_YOUR INSTRUCTIONS_
Copy exactly the lines of the material below that run from the one containing "Lemma isotropic_AGP (e" through the one containing "split=> [iso u". Copy no other lines.

_SOURCE DATA_
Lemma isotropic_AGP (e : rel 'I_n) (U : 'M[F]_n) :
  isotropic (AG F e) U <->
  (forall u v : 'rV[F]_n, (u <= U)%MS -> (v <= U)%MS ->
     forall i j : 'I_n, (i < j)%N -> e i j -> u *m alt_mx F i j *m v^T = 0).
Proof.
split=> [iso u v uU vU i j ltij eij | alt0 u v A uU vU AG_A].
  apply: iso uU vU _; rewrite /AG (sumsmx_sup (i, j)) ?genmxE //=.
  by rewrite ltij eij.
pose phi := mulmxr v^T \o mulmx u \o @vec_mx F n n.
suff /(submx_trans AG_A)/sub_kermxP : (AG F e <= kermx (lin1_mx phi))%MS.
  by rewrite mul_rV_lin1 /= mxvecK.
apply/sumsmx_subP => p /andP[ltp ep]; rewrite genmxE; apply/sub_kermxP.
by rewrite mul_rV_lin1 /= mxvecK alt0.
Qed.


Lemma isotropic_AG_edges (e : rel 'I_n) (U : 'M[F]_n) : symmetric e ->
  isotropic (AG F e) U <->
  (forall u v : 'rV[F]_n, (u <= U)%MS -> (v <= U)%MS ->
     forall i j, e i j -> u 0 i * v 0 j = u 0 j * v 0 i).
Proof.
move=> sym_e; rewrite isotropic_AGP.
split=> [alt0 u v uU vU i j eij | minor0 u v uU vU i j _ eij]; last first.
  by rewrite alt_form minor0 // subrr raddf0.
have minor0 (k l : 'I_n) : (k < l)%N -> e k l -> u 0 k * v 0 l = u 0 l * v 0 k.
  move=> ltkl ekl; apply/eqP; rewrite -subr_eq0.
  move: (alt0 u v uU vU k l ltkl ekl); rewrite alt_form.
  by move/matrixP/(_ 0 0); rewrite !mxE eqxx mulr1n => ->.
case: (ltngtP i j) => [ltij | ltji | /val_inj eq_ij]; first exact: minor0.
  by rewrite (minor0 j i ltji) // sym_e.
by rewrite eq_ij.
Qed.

---

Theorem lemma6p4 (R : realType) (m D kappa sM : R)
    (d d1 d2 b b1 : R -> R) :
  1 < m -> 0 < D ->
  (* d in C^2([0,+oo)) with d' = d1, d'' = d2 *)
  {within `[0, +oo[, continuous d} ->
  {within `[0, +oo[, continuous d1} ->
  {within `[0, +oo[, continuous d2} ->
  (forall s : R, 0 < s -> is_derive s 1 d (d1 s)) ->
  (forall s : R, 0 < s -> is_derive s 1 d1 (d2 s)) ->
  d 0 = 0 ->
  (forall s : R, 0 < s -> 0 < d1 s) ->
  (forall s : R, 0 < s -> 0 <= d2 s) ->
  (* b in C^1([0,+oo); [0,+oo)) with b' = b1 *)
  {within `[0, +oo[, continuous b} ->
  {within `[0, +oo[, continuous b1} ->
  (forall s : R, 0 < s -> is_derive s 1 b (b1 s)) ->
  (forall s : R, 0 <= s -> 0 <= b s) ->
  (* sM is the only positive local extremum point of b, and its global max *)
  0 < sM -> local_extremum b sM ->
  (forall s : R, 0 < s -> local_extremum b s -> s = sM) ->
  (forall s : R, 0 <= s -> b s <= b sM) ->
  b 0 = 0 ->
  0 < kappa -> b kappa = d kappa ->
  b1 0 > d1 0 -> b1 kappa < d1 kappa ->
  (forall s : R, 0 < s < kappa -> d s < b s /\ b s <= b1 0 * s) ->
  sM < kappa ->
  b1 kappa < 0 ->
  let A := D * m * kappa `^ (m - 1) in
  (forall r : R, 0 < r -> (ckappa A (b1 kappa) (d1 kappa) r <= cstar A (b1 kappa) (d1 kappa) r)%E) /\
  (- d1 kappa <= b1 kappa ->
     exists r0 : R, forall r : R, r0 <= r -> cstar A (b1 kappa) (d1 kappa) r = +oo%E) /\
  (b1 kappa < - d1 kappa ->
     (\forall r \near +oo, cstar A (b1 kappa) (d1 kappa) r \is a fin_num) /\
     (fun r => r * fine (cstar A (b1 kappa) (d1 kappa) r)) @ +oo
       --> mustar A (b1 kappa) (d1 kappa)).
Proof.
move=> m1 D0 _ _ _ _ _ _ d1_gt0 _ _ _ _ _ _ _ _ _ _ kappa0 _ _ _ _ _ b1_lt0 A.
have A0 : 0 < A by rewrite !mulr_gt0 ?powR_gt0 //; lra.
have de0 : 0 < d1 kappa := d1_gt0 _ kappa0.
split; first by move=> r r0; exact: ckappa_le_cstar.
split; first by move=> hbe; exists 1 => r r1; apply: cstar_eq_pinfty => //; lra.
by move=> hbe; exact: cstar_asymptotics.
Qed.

_EXERCISE RESULT_
Lemma isotropic_AGP (e : rel 'I_n) (U : 'M[F]_n) :
  isotropic (AG F e) U <->
  (forall u v : 'rV[F]_n, (u <= U)%MS -> (v <= U)%MS ->
     forall i j : 'I_n, (i < j)%N -> e i j -> u *m alt_mx F i j *m v^T = 0).
Proof.
split=> [iso u v uU vU i j ltij eij | alt0 u v A uU vU AG_A].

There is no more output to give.